Engrais minéraux : le bras de fer continue entre offre ferme et demande prudente

June 10, 2025
Analyse de marché

🗞️ Évolution récente du marché

La semaine écoulée a confirmé la tendance haussière sur l’ensemble des engrais minéraux. Tous les segments sont concernés : azote, phosphore et potasse. Les producteurs poursuivent leur stratégie de limitation de l’offre, maintenant une pression haussière sur les prix. En azote, la solution azotée s’échange désormais entre 310 et 315 €/T départ Rouen, tandis que l’ammonitrate 33,5 atteint 395 €/T en vrac, rendu culture. L’urée s’est stabilisée autour de 395 €/T départ La Pallice, mais les appels d’offres internationaux, notamment en Inde, pourraient rapidement relancer les prix. Du côté des phosphates, les producteurs tentent d’imposer des hausses, avec le TSP à 525 €/T et le DAP à 695 €/T. En potasse, la fermeté persiste avec des prix à 360 €/T départ Rouen.

Toutefois, la demande reste prudente face à ces niveaux de prix élevés, notamment à cause de la faiblesse des cours des céréales. Une situation de blocage s’installe, mais les besoins de fertilisation à venir pourraient briser ce statu quo.

🔼 Facteurs haussiers

1. Stratégie de limitation des volumes par les producteurs

Les principaux fournisseurs mondiaux, qu’il s’agisse des producteurs d’ammonitrate, d’urée ou de phosphates, ont opté pour une gestion serrée des volumes. Cette stratégie vise à maintenir des prix élevés malgré une demande temporairement atone. À l'approche de l'été, cette rétention volontaire maintient les cours à des niveaux élevés, en particulier sur l’azote.

2. Appels d’offres massifs à l’international (Inde, Éthiopie)

L’appel d’offres indien du 12 juin portant sur 1,5 million de tonnes, ainsi que celui de l’Éthiopie (260 000 t), pourrait redynamiser l’ensemble du marché mondial. L’Inde, avec des stocks faibles (7 Mt contre 11,3 Mt en mai 2024) et une production en baisse, est contrainte d’acheter, soutenant les prix à l’export. Ces volumes vont mobiliser l’offre disponible au détriment de l’Europe.

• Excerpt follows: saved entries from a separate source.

(* The IVT needs continuity on [0, B]; composing with the clamp turns the
   Lipschitz bound of [convex_increment_le] into global continuity. *)
Definition clamp (B u : R) : R := if u < 0 then 0 else if B < u then B else u.

Lemma clamp_itv B u : 0 <= B -> 0 <= clamp B u <= B.
Proof. by move=> B0; rewrite /clamp; do 2 (case: ltP => ?) => /=; lra. Qed.

Lemma clamp_id B u : 0 <= u <= B -> clamp B u = u.
Proof.
move=> /andP[u0 uB]; rewrite /clamp.
by case: ltP => [?|_]; [lra | case: ltP => // ?; lra].
Qed.

Lemma clamp_le B u w : 0 <= B -> u <= w ->
  clamp B u <= clamp B w /\ clamp B w - clamp B u <= w - u.
Proof. by move=> B0 uw; rewrite /clamp; do 4 (case: ltP => ?); split; lra. Qed.

Lemma convex_clamp_lipschitz B u w : 0 <= B ->
  `|g (clamp B u) - g (clamp B w)| <= g (B + 1) * `|u - w|.
Proof.
move=> B0; wlog uw : u w / u <= w.
  move=> lip; have [uw|wu] := leP u w; first exact: lip.
  by rewrite distrC [X in _ * X]distrC lip // ltW.
have [cuw dist_cuw] := clamp_le B0 uw.
have /andP[cu0 _] := clamp_itv u B0; have /andP[_ cwB] := clamp_itv w B0.
have g_le : g (clamp B u) <= g (clamp B w).
  by move: cuw; rewrite le_eqVlt => /orP[/eqP->//|/(convex_increasing cu0)/ltW].
have := convex_increment_le cu0 cuw cwB; have : 0 <= g (B + 1) by apply: convex_ge0; lra.
rewrite distrC ger0_norm ?subr_ge0 // distrC ger0_norm ?subr_ge0 //.
nra.
Qed.

Lemma continuous_convex_clamp B : 0 <= B -> continuous (fun u => g (clamp B u)).
Proof.
move=> B0 x; apply/cvgrPdist_lt => e e0.
have L0 : 0 <= g (B + 1) by apply: convex_ge0; lra.
set L := g (B + 1) in L0 *; have L1 : 0 < L + 1 by lra.
have Le_lt : L * (e / (L + 1)) < e by rewrite mulrA ltr_pdivrMr //; nra.
near=> z; apply: le_lt_trans (convex_clamp_lipschitz x z B0) _.
near: z; exists (e / (L + 1)); first by rewrite /= divr_gt0.
move=> z /= xz; apply: le_lt_trans Le_lt.
by apply: ler_wpM2l => //; exact: ltW.
Unshelve. all: by end_near.
Qed.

3. Coût élevé des intrants (gaz naturel)

Le prix du gaz naturel en Europe a franchi les 36 €/MWh, dopé par une baisse des flux norvégiens. Étant donné que la production d’ammoniac dépend directement du prix du gaz, cette hausse impacte mécaniquement le coût de production des engrais azotés, justifiant des niveaux de prix plus élevés sur les nitrates notamment.

🔽 Facteurs baissiers

1. Demande agricole saisonnièrement faible en Europe

Nous entrons dans la période estivale, traditionnellement marquée par un ralentissement de la demande. Les agriculteurs européens, peu enclins à acheter à ces niveaux élevés, temporisent, espérant un repli de prix post-récoltes. Cette faible demande limite pour l’instant l’élan haussier des prix.

2. Retour progressif des exportations chinoises

La Chine, bien qu’encore restrictive sur ses volumes, commence à proposer des cargaisons d’urée pour livraison dès fin juin / début juillet. Cette réapparition sur la scène export pourrait soulager le marché mondial, notamment en direction de l’Amérique latine, contribuant à stabiliser les cours.

3. Faible pouvoir d’achat agricole à cause des prix des céréales

Les prix du blé (201.7€/T MATIF sept) et du maïs restent sous pression du fait de surfaces semées importantes, augmentant les volumes disponibles et donc abaissant les cours. En conséquence, la rentabilité des achats d’engrais diminue loin du ratio cible de 0.6 dont nous vous avons déjà parlé, freinant la demande et pesant potentiellement sur les prix à moyen terme.

📊 Sentiment de marché

Le marché reste tendu, dominé par une offre très ferme et des perspectives d’achats internationales actives, notamment à travers les grands appels d’offres d’Asie et d’Afrique. Cependant, cette dynamique fait face à une demande qui résiste aux niveaux actuels de prix, surtout en Europe, où les producteurs agricoles peinent à rentabiliser leurs achats dans un contexte de faibles prix des cultures. Ce bras de fer pourrait durer encore quelques semaines. Malgré tout, les besoins de fertilisation resteront incontournables, notamment pour préparer l’automne. On pourrait donc s’attendre à un rattrapage de la demande à l’issue de la période estivale. À court terme (30-45 jours), les prix pourraient encore progresser légèrement. Le marché reste à surveiller de près.